### EXERCISE DATA
▬▬▬

(* Monotonicity of the integral for arbitrary (not necessarily measurable)
   nonnegative functions: the integral of a nonnegative function is the
   supremum of the integrals of its simple minorants.  This matters since the
   payoff of a game played with adapted (but arbitrary) strategies is not known
   to be measurable. *)
Lemma integral_le (f g : Omega -> R) : (forall w, 0 <= f w) ->
  (forall w, f w <= g w) -> (\int[P]_w (f w)%:E <= \int[P]_w (g w)%:E)%E.
Proof.
move=> f0 fg; have g0 w : 0 <= g w := le_trans (f0 w) (fg w).
rewrite !ge0_integralTE ?lee_fin//.
apply: ereal_sup_le => _ [h /= hf <-]; exists h => //= x.
by apply: le_trans (hf x) _; rewrite lee_fin.
Qed.

Lemma indic_in (A : set Omega) w : A w -> \1_A w = 1 :> R.
Proof. by move=> Aw; rewrite indicE mem_set. Qed.

Lemma indic_out (A : set Omega) w : ~ A w -> \1_A w = 0 :> R.
Proof. by move=> nAw; rewrite indicE memNset. Qed.

Definition comb2 (a b : R) (A B : set Omega) (w : Omega) : R :=
  a * \1_A w + b * \1_B w.

Lemma comb2_ge0 (a b : R) A B w : 0 <= a -> 0 <= b -> 0 <= comb2 a b A B w.
Proof. by move=> a0 b0; rewrite addr_ge0// mulr_ge0. Qed.

Lemma measurable_comb2 (a b : R) A B : measurable A -> measurable B ->
  measurable_fun setT (comb2 a b A B).
Proof.
by move=> mA mB; apply: measurable_funD; apply: measurable_funM => //;
  exact: measurable_indic.
Qed.

Lemma integral_scaled_indic (k : R) A : 0 <= k -> measurable A ->
  (\int[P]_w (k * \1_A w)%:E = (k * pr A)%:E)%E.
Proof.
move=> k0 mA; under eq_integral do rewrite EFinM.
rewrite ge0_integralZl_EFin//; first by rewrite integral_indic// setIT EFinM -prE.
by apply: measurableT_comp => //; exact: measurable_indic.
Qed.

Lemma integral_comb2 (a b : R) A B : 0 <= a -> 0 <= b -> measurable A -> measurable B ->
  (\int[P]_w (comb2 a b A B w)%:E = (a * pr A + b * pr B)%:E)%E.
Proof.
move=> a0 b0 mA mB; under eq_integral do rewrite EFinD.
have mk (k : R) (X : set Omega) : measurable X -> measurable_fun setT (fun w => (k * \1_X w)%:E).
  by move=> mX; apply: measurableT_comp => //; apply: measurable_funM => //;
    exact: measurable_indic.
rewrite ge0_integralD//; try exact: mk; try by move=> w _; rewrite lee_fin mulr_ge0.
by rewrite !integral_scaled_indic.
Qed.

Lemma integral_ge_comb2 (f : Omega -> R) (a b : R) A B :
  0 <= a -> 0 <= b -> measurable A -> measurable B ->
  (forall w, comb2 a b A B w <= f w) ->
  ((a * pr A + b * pr B)%:E <= \int[P]_w (f w)%:E)%E.
Proof.
move=> a0 b0 mA mB gf; rewrite -integral_comb2//.
by apply: integral_le => // w; exact: comb2_ge0.
Qed.

Lemma integral_le_comb2_ae (f : Omega -> R) (M a b : R) A B N :
  0 <= a -> 0 <= b -> 0 <= M -> measurable A -> measurable B ->
  P.-negligible N -> (forall w, 0 <= f w) -> (forall w, f w <= M) ->
  (forall w, ~ N w -> f w <= comb2 a b A B w) ->
  (\int[P]_w (f w)%:E <= (a * pr A + b * pr B)%:E)%E.
Proof.
move=> a0 b0 M0 mA mB [N' [mN' PN' NN']] f0 fM fg.
apply: le_trans (integral_le (g := fun w => comb2 a b A B w + M * \1_N' w) f0 _) _.
  move=> w; have [N'w|nN'w] := pselect (N' w).
    by rewrite indicE mem_set// mulr1 -[f w]add0r lerD// comb2_ge0.
  by rewrite indicE memNset// mulr0 addr0; apply: fg => /NN'.
under eq_integral do rewrite EFinD.
rewrite ge0_integralD//; first last.
- by apply: measurableT_comp => //; apply: measurable_funM => //; exact: measurable_indic.
- by move=> w _; rewrite lee_fin mulr_ge0.
- by apply: measurableT_comp => //; exact: measurable_comb2.
- by move=> w _; rewrite lee_fin comb2_ge0.
by rewrite integral_comb2// integral_scaled_indic// /pr PN' mulr0 adde0.
Qed.

End probability_facts.

Section augmented_filtrations.
Context {d : measure_display} {Omega : measurableType d} {R : realType}.
Variable P : probability Omega R.

Lemma augmented_self (G : set (set Omega)) A : G A -> augmented P G A.
Proof.
by move=> GA; exists A => //; rewrite setDv setU0; exact: negligible_set0.
Qed.

Lemma augmented_measurable (G : set (set Omega)) A :
  measure_is_complete P -> (forall C, G C -> measurable C) ->
  augmented P G A -> measurable A.
Proof.
move=> cP GM [C GC NAC]; have mC := GM _ GC.
have mAC : measurable (A `\` C) by apply: cP; apply: negligibleS NAC => ? ?; left.
have mCA : measurable (C `\` A) by apply: cP; apply: negligibleS NAC => ? ?; right.
suff -> : A = (C `\` (C `\` A)) `|` (A `\` C) by apply: measurableU => //; exact: measurableD.
apply/seteqP; split => w.
  by move=> Aw; have [Cw|nCw] := pselect (C w); [left; split => // -[]|right].
by case=> [[Cw /not_andP[//|/contrapT//]]|[]].
Qed.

▬▬▬

Given the records above, reproduce precisely and only the lines between the line holding "to be measurable. *)" and the line holding "Lemma comb2_ge0 (a", inclusive.

   to be measurable. *)
Lemma integral_le (f g : Omega -> R) : (forall w, 0 <= f w) ->
  (forall w, f w <= g w) -> (\int[P]_w (f w)%:E <= \int[P]_w (g w)%:E)%E.
Proof.
move=> f0 fg; have g0 w : 0 <= g w := le_trans (f0 w) (fg w).
rewrite !ge0_integralTE ?lee_fin//.
apply: ereal_sup_le => _ [h /= hf <-]; exists h => //= x.
by apply: le_trans (hf x) _; rewrite lee_fin.
Qed.

Lemma indic_in (A : set Omega) w : A w -> \1_A w = 1 :> R.
Proof. by move=> Aw; rewrite indicE mem_set. Qed.

Lemma indic_out (A : set Omega) w : ~ A w -> \1_A w = 0 :> R.
Proof. by move=> nAw; rewrite indicE memNset. Qed.

Definition comb2 (a b : R) (A B : set Omega) (w : Omega) : R :=
  a * \1_A w + b * \1_B w.

Lemma comb2_ge0 (a b : R) A B w : 0 <= a -> 0 <= b -> 0 <= comb2 a b A B w.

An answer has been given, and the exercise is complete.